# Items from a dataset
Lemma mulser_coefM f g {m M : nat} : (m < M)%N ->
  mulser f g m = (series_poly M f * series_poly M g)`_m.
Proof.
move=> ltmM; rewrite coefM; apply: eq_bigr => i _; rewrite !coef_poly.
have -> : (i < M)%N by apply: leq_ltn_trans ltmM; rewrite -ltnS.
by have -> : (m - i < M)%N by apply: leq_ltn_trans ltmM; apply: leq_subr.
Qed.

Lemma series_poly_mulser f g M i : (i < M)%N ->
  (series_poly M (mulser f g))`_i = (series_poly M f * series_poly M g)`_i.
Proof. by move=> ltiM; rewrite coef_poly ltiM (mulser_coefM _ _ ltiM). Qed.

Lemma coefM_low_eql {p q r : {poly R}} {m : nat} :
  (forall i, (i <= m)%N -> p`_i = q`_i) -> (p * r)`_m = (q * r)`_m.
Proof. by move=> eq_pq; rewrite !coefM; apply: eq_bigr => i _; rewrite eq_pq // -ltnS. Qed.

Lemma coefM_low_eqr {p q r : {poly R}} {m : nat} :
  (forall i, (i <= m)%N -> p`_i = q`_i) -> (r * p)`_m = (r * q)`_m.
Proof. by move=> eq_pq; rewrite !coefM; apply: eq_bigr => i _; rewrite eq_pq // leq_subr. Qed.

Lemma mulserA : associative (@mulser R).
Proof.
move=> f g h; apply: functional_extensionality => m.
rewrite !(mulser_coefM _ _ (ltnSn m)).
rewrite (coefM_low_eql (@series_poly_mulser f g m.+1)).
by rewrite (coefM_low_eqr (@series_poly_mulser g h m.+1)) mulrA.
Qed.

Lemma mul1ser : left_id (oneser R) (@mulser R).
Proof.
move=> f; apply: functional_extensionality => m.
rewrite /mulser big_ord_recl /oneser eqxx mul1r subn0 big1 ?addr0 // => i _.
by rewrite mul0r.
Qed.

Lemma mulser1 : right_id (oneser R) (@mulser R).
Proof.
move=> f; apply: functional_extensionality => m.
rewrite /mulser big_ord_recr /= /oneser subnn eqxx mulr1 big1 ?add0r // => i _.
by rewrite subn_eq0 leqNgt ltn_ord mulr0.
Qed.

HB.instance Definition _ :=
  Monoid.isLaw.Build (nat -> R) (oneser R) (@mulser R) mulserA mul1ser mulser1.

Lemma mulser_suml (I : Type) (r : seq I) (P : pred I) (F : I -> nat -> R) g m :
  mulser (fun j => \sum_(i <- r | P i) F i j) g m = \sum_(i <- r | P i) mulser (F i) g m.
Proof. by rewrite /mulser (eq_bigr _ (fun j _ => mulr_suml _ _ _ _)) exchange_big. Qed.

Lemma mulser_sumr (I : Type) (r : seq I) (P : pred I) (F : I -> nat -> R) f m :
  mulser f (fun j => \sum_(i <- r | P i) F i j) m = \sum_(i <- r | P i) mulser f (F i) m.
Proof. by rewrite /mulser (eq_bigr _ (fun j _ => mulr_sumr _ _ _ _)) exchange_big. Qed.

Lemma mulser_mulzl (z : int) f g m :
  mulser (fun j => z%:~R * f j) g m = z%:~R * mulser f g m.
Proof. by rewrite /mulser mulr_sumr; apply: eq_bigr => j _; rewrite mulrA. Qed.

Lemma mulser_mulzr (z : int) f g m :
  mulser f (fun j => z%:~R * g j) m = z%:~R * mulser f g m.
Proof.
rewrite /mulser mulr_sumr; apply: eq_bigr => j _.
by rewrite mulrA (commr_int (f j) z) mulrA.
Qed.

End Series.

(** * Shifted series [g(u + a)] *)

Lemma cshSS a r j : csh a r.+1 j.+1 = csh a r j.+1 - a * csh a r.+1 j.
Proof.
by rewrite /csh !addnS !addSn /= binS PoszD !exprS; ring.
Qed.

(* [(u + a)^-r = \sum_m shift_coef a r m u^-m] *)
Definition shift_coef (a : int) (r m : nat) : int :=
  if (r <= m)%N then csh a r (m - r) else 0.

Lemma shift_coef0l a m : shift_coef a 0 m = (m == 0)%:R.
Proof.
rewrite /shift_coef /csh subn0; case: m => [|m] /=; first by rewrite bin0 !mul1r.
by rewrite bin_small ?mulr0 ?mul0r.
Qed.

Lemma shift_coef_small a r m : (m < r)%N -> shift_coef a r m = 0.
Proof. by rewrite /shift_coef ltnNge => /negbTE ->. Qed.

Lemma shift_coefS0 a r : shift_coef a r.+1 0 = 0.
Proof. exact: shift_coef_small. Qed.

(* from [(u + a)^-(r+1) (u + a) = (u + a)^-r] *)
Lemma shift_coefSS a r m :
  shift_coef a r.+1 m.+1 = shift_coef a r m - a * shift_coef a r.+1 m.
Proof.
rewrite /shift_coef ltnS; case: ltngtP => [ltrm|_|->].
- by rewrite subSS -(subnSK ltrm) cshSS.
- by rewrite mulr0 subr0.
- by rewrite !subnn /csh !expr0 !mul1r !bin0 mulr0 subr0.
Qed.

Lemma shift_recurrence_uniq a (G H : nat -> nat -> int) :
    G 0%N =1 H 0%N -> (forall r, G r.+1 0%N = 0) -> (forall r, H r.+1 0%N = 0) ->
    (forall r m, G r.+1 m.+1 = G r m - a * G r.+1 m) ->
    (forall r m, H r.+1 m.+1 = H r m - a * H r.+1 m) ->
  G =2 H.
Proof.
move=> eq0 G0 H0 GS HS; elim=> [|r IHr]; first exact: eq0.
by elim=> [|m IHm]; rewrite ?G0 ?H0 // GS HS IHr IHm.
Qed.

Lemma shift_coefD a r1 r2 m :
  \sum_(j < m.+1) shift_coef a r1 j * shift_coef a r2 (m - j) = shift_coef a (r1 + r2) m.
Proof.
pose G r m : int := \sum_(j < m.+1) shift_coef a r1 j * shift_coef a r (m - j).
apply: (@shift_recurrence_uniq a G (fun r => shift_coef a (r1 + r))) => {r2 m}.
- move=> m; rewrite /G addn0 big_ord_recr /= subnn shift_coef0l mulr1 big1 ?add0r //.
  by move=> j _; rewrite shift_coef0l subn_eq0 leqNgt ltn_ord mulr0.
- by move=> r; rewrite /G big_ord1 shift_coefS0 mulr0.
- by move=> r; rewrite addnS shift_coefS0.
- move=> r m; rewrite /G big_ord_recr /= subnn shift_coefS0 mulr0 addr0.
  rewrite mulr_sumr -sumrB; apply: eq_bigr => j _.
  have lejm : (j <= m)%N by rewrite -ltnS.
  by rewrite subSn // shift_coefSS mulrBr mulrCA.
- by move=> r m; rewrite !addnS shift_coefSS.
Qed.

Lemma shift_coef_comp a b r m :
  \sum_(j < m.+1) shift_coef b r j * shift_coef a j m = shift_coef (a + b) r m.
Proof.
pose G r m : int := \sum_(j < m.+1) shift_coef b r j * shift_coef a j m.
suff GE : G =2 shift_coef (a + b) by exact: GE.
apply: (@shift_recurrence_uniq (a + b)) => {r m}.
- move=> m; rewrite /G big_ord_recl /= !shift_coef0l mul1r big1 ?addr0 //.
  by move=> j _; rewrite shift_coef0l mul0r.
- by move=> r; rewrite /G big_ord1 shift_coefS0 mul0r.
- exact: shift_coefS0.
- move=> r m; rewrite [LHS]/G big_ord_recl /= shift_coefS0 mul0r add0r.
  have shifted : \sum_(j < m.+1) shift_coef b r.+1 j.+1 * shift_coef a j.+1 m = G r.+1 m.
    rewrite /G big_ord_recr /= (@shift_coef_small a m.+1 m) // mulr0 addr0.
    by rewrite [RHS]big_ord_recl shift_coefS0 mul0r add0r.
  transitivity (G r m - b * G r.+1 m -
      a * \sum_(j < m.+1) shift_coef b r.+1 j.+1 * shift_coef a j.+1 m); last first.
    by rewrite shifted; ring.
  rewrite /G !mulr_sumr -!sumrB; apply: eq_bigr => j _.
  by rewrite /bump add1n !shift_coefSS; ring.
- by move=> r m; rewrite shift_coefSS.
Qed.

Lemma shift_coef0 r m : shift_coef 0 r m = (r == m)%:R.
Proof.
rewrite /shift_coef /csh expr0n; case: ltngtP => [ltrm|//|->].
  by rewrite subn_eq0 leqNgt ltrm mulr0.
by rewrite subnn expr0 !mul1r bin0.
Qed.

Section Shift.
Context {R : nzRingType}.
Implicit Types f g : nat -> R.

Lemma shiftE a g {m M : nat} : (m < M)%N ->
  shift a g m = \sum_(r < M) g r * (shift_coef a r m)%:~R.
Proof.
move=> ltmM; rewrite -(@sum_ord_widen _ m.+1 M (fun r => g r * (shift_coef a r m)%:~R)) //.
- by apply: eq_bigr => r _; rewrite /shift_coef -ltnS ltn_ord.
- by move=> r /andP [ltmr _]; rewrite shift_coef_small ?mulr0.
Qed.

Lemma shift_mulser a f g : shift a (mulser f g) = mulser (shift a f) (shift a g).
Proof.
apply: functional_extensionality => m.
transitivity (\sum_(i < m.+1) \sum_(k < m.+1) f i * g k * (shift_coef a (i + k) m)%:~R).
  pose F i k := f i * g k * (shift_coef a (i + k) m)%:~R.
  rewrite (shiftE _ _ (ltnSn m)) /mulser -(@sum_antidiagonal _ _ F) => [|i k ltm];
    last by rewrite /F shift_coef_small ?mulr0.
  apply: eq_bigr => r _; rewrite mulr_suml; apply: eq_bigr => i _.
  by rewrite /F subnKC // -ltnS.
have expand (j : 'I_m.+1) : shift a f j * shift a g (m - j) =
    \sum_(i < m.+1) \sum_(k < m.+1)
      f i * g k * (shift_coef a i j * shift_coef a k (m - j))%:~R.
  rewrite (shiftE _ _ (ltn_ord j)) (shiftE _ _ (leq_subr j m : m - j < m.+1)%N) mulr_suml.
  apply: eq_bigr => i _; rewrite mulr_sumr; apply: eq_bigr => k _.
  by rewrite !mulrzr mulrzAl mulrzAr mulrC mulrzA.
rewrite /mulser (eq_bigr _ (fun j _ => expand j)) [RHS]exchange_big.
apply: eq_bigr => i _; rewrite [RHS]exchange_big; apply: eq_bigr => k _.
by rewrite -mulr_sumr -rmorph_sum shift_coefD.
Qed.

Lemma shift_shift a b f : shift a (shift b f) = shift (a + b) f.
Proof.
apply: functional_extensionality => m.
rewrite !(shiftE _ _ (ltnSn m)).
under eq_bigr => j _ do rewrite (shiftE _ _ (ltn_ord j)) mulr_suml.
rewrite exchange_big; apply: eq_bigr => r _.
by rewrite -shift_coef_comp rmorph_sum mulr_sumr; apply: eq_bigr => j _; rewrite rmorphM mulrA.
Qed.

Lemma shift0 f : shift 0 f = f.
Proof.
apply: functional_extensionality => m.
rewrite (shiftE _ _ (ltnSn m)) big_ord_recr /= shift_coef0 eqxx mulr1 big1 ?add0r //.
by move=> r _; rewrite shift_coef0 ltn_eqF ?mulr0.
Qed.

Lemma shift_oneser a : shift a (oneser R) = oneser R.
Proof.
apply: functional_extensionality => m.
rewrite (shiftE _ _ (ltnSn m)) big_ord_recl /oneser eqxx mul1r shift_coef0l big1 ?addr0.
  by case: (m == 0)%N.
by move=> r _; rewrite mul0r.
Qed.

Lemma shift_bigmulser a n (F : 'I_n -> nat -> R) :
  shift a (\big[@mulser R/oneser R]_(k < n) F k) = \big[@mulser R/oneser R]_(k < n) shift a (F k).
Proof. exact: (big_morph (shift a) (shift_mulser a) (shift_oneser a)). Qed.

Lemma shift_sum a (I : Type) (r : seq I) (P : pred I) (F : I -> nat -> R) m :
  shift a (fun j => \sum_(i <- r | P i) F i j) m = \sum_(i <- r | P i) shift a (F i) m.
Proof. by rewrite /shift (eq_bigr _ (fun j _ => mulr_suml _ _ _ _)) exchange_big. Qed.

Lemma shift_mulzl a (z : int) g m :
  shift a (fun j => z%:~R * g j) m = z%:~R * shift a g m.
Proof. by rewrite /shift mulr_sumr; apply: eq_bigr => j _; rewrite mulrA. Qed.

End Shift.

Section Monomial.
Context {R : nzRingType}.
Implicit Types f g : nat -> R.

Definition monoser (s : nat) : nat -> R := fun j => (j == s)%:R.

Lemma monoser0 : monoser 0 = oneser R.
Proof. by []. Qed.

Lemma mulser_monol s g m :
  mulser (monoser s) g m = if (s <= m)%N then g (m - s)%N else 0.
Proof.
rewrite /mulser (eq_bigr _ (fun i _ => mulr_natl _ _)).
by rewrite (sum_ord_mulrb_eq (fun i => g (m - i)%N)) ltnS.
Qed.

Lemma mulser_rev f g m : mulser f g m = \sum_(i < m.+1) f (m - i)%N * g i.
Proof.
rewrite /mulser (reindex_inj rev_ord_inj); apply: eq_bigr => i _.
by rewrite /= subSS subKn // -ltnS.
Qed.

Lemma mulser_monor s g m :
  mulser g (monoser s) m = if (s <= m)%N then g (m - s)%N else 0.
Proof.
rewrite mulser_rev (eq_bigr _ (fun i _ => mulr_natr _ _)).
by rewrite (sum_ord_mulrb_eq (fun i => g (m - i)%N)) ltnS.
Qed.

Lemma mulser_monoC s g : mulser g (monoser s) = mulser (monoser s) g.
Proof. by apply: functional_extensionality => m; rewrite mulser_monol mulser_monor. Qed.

# Exercise directions
Which lines run from the one holding "Lemma shift_bigmulser a" through the one holding "Lemma shift_sum a" in the records above? Repeat them exactly, both included, and nothing more.

# Result
Lemma shift_bigmulser a n (F : 'I_n -> nat -> R) :
  shift a (\big[@mulser R/oneser R]_(k < n) F k) = \big[@mulser R/oneser R]_(k < n) shift a (F k).
Proof. exact: (big_morph (shift a) (shift_mulser a) (shift_oneser a)). Qed.

Lemma shift_sum a (I : Type) (r : seq I) (P : pred I) (F : I -> nat -> R) m :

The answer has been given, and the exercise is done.